The Turkish government has long accused the HDP of close links with the PKK. The HDP is known for its support of autonomy in regions where large Kurdish populations live. Also, some of its members have been charged or accused of having links to the PKK. Its former co-leader, Selahattin Demirtaş, was arrested in November 2016 over propaganda in support of the terrorist organization.
The CHP has refrained from officially including the HDP in its electoral alliance amid fears of a possible backlash from its secular-nationalist voter base. Yet, the candidate lists for the upcoming elections unveiled the scope of cooperation between the CHP and HDP, which led to some harsh reactions within its own party organization.
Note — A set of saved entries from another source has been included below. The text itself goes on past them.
Lemma pair_gf_comm q1 q2 v i j : pair_gf q1 q2 v i j = pair_gf q2 q1 v j i.
Proof. unfold pair_gf. rewrite pair_weight_comm. reflexivity. Qed.

Lemma pair_weight_norm_le q1 q2 i j r :
  (Cmod q1 <= 1)%R -> (Cmod q2 <= 1)%R -> (Cmod (pair_weight q1 q2 i j r) <= 1)%R.
Proof.
  intros H1 H2. unfold pair_weight, weight_at. pose proof (Cmod_ge_0 q1). pose proof (Cmod_ge_0 q2).
  destruct (Nat.eqb r i), (Nat.eqb r j); rewrite Cmod_mult, ?Cmod_1; nra.
Qed.

Lemma col_weight_pair q1 q2 i j n :
  col_weight (pair_weight q1 q2 i j) n =
  (if Nat.ltb i n then q1 else 1) * (if Nat.ltb j n then q2 else 1).
Proof. unfold pair_weight. rewrite col_weight_mult, !col_weight_at. reflexivity. Qed.

Section PairGeneratingFunction.
Variables q1 q2 v : C.
Hypothesis hv : (Cmod v < 1)%R.
Hypothesis hq1 : (Cmod q1 < 1)%R.
Hypothesis hq2 : (Cmod q2 < 1)%R.

Let Hz i j r : (Cmod (pair_weight q1 q2 i j r) <= 1)%R.
Proof. apply pair_weight_norm_le; lra. Qed.

Lemma pair_gf_norm_bounded : exists K, forall i j, (Cmod (pair_gf q1 q2 v i j) <= K)%R.
Proof.
  destruct (ex_series_partitions (Cmod v)) as [K HK]; [split; [apply Cmod_ge_0|exact hv]|].
  exists K. intros i j. apply part_gf_norm_le; [apply Hz|exact hv|exact HK].
Qed.

Lemma pair_gf_col_prod i j m : (i <= m)%nat -> (j <= m)%nat ->
  pair_gf q1 q2 v i j * col_prod (pair_weight q1 q2 i j) v m * qpoch_inf (v * q1 * q2) v =
  qpoch (v * q1 * q2) v m.
Proof.
  intros Hi Hj. rewrite <- (Cmult_assoc v q1 q2). apply part_gf_col_prod; [apply Hz|exact hv|].
  intros s Hs. rewrite col_weight_pair.
  destruct (Nat.ltb_spec i (S s)), (Nat.ltb_spec j (S s)); [reflexivity|lia..].
Qed.

Lemma pair_gf_diag_mul i :
  pair_gf q1 q2 v i i * qpoch v v i * qpoch_inf (v * q1 * q2) v = qpoch (v * q1 * q2) v i.
Proof.
  rewrite <- (pair_gf_col_prod i i i) by lia. f_equal. f_equal. symmetry.
  apply col_prod_one_prefix. intros s Hs. rewrite col_weight_pair.
  destruct (Nat.ltb_spec i (S s)); [lia|ring].
Qed.

Lemma qpoch_inf_neq0 : qpoch_inf (v * q1 * q2) v <> 0.
Proof.
  (* the case i = 0 exhibits pair_gf q1 q2 v 0 0 as an inverse *)
  intros H. pose proof (pair_gf_diag_mul 0) as E. rewrite H, Cmult_0_r in E.
  simpl in E. injection E. lra.
Qed.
A couple of days before attending the meeting in Berlin, Tanrıkulu and Sancar were present at a secret session in Turkish Parliament on the northwestern Syrian province of Idlib, where classified matters on Turkey’s Operation Spring Shield were discussed.
Speaking during the meeting, a politician from The Left, Stefan Liebich, said that Germany’s perspective on the PKK/YPG should change and the bans on the terrorist groups’ symbols should be lifted.
Turkey has long criticized European authorities for tolerating PKK activities in their countries and has pressured them to take stricter measures against the propaganda, recruitment and fundraising activities of the group.
The PKK, which is listed as a terrorist organization by Turkey, the U.S. and the EU, has waged a terror campaign against Turkey for more than 35 years and has been responsible for the deaths of nearly 40,000 people, including women and children.
Despite its status as a designated international terrorist organization, the PKK has enjoyed relative freedom in European cities and has a particularly strong presence in Germany. PKK supporters have been allowed to hold rallies, recruit militants and collect funds in Germany, which is home to some 5 million people of Turkish origin, including Kurds. The PKK has been banned in Germany since 1993, but it is still active, with nearly 14,000 followers among the country's Kurdish immigrant population.